The resident microbiota of the skin live under the stratum corneum (the outermost layer of the skin), can be found on the surface, and in glands and follicles. Those microorganisms have learned to adapt to the many niches that they live in and tend to remain stable over time. (See pages 909-910, OpenStax, appended below). Different types of bacteria dominate the dry, moist, and sebum-rich regions of the skin. While hands are mostly dry, we also use them to touch sebaceous regions such as the face, neck and hair. The sebaceous secretions are antimicrobial.  Staphylococcus, like S. epidermidis, are more typical of moist areas, but are also found on the hands. This microbiome aids in host defense by producing antimicrobial peptides that target the pathogens, preventing their establishment on the skin.

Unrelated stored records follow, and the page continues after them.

Lemma ladder_dist_lt b c z z' : z + 11 <= z' -> ladder_dist b c z < ladder_dist b (~~ c) z'.
Proof. by case: b; case: c => /=; lia. Qed.

Lemma ladder_dist_lt8 b c z : ladder_dist b c z < ladder_dist b (~~ c) (z + 8).
Proof. by case: b; case: c => /=; lia. Qed.

Lemma ladder_dist_le_add20 b c z z' : z + 20 <= z' -> ladder_dist b c z <= ladder_dist b c z'.
Proof. by move=> ?; have := ladder_dist_ub b c z; have := ladder_dist_lb b c z'; lia. Qed.

Definition gp4_dist (n : nat) (b c : bool) (z : nat) : nat :=
  minn (ladder_dist b c z) (ladder_dist b c (n - z)).

Definition distn (i j : nat) : nat := (i - j) + (j - i).

Lemma gp4_dist_subn n b c z : z <= n -> gp4_dist n b c (n - z) = gp4_dist n b c z.
Proof. by move=> ?; rewrite /gp4_dist subKn // minnC. Qed.

Lemma gp4_dist_near n b c z : z + 20 <= n - z -> gp4_dist n b c z = ladder_dist b c z.
Proof. by move/(ladder_dist_le_add20 b c)/minn_idPl. Qed.

Lemma gp4_dist_far n b c z : n - z + 20 <= z -> gp4_dist n b c z = ladder_dist b c (n - z).
Proof. by move/(ladder_dist_le_add20 b c)/minn_idPr. Qed.

Lemma gp4_dist_bound n b c z : 24 <= n -> z < n -> gp4_dist n b c z <= (n + 4) %/ 8 + 3.
Proof. by rewrite /gp4_dist; case: b; case: c => /=; lia. Qed.

Lemma gp4_dist_rim n b c w w' : 24 <= n -> w < n -> w' < n ->
  (w' == (w + stride 4 c) %% n) || (w == (w' + stride 4 c) %% n) ->
  gp4_dist n b c w' <= (gp4_dist n b c w).+1.
Proof.
move=> n_ge24 w_lt w'_lt adj.
have s_le4 : stride 4 c <= 4 by rewrite /stride; case: ifP.
have {adj} : w' = w + stride 4 c \/ w' + n = w + stride 4 c \/
             w = w' + stride 4 c \/ w + n = w' + stride 4 c.
  have [[? E]|[? E]] := @modn_lt_double (w + stride 4 c) n ltac:(lia);
  have [[? E']|[? E']] := @modn_lt_double (w' + stride 4 c) n ltac:(lia);
  by move: adj; rewrite E E'; lia.
have step := @ladder_dist_step b c.
rewrite /gp4_dist; case=> [E|[E|[E|E]]].
- by have := step w w' ltac:(lia); have := step (n - w) (n - w') ltac:(lia); lia.
- have := step (n - w) w' ltac:(lia); have := @ladder_dist_small b c w' ltac:(lia).
  by have := ladder_dist_lb b c w; lia.
- by have := step w w' ltac:(lia); have := step (n - w) (n - w') ltac:(lia); lia.
- have := step w (n - w') ltac:(lia); have := @ladder_dist_small b c (n - w') ltac:(lia).
  by have := ladder_dist_lb b c (n - w); lia.
Qed.

Lemma gp4_dist_spoke n b c w : gp4_dist n b (~~ c) w <= (gp4_dist n b c w).+1.
Proof.
rewrite /gp4_dist; have := ladder_dist_spoke b c w.
by have := ladder_dist_spoke b c (n - w); lia.
Qed.

Lemma GP_sym n k : symmetric (GP n k).
Proof. by case=> [[] i] [[] j]; rewrite /GP /= 1?orbC // eq_sym. Qed.

Section Rotation.
Variables (n k : nat).
Hypothesis n_gt0 : 0 < n.

Definition gp_rot (m : nat) (v : GPvert n) : GPvert n :=
  (v.1, Ordinal (ltn_pmod (v.2 + m) n_gt0)).

Lemma gp_rotK m : m <= n -> cancel (gp_rot m) (gp_rot (n - m)).
Proof.
move=> m_le [b i]; congr pair; apply: val_inj => /=.
by rewrite modnDml -addnA subnKC // modnDr modn_small.
Qed.

Lemma GP_rot m : {mono gp_rot m : a c / GP n k a c}.
Proof.
have shift (x : 'I_n) y : ((x + m) %% n == (y + m) %% n) = (val x == y %% n).
  by rewrite eqn_modDr modn_small.
case=> [b i] [b' i']; rewrite /GP /=.
by case: b b' => [] [] /=; rewrite ?modnDml ?(addnAC _ m) ?shift // modn_small.
Qed.

Lemma GP_rot_stride b (i : 'I_n) : GP n k (b, i) (gp_rot (stride k b) (b, i)).
Proof. by case: b; rewrite /GP /= eqxx. Qed.

Lemma GP_rim_succ b (i : 'I_n) : stride k b <= n ->
  exists2 j : 'I_n, GP n k (b, j) (b, i) & j = i + stride k b :> nat \/ j + n = i + stride k b.
Proof.
move=> s_le; exists (gp_rot (stride k b) (b, i)).2; first by rewrite GP_sym GP_rot_stride.
by have := ltn_ord i; have := @modn_lt_double (i + stride k b) n; rewrite /=; lia.
Qed.

Lemma GP_rim_pred b (i : 'I_n) : stride k b <= n ->
  exists2 j : 'I_n, GP n k (b, j) (b, i) & j + stride k b = i \/ j + stride k b = i + n.
Proof.
move=> s_le; exists (gp_rot (n - stride k b) (b, i)).2.
  have := @gp_rotK (n - stride k b) ltac:(lia) (b, i).
  by rewrite subKn // => {2}<-; apply: GP_rot_stride.
by have := ltn_ord i; have := @modn_lt_double (i + (n - stride k b)) n; rewrite /=; lia.
Qed.

End Rotation.

Section GP4.
Variable n : nat.
Hypothesis n_ge24 : 24 <= n.

Let n_gt0 : 0 < n. Proof. exact: leq_trans n_ge24. Qed.

Lemma gp4_dist_edge b0 (a a' : GPvert n) :
  GP n 4 a a' -> gp4_dist n b0 a'.1 a'.2 <= (gp4_dist n b0 a.1 a.2).+1.
Proof.
case: a a' => [c i] [c' i'] /=; rewrite /GP /=.
case: c c' => [] [] /= adj; first exact: (@gp4_dist_rim _ _ true).
- by rewrite -(eqP adj); apply: (gp4_dist_spoke _ _ true).
- by rewrite -(eqP adj); apply: (gp4_dist_spoke _ _ false).
- exact: (@gp4_dist_rim _ _ false).
Qed.

Lemma ladder_move_lift c c' z z' (i : 'I_n) :
  ladder_move c c' z z' -> z = i \/ (z + i = n /\ 0 < i) ->
  exists2 i' : 'I_n, GP n 4 (c', i') (c, i) & z' = i' \/ z' + i' = n.
Proof.
have i_lt := ltn_ord i.
rewrite /ladder_move; have [<-|ne_cc'] := eqVneq c c'; rewrite ?eqxx => move_z z_i; last first.
  exists i; last lia.
  by move: ne_cc'; case: c c' {move_z} => [] []; rewrite /GP //= eqxx.
have s_le : stride 4 c <= n by case: (c) => /=; lia.
have [fwd fwd_edge fwd_val] := GP_rim_succ n_gt0 i s_le.
have [bwd bwd_edge bwd_val] := GP_rim_pred n_gt0 i s_le.
have fwd_lt := ltn_ord fwd; have bwd_lt := ltn_ord bwd.
case: c s_le move_z fwd_edge bwd_edge fwd_val bwd_val
  => /= _ move_z fwd_edge bwd_edge fwd_val bwd_val.
all: case: z_i => z_i; case: move_z => move_z.
all: first [ by exists fwd; last lia | by exists bwd; last lia ].
Qed.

Even with the protection of resident microbiota, pathogens can cause infection.  Microorganisms and their diseases are transmitted through direct and indirect contact. A simple but important approach in preventing the spread of disease is handwashing. The physicians by the names of Ignaz Semmelweis and Oliver Wendall Holmes are given the credit for the concept of disease prevention through hand washing.  Semmelweis noticed a high death rate at child birth and puerperal infections when doctors did not wash their hands going from the autopsy room to delivery. He proposed the practice of washing with chlorinated lime solution. Holmes observed less infant deaths and puerperal infections when midwives carry out the deliveries compared to doctors. He proposed hand washing with calcium chloride. Both methods resulted in an increase of successful deliveries and decrease of infections.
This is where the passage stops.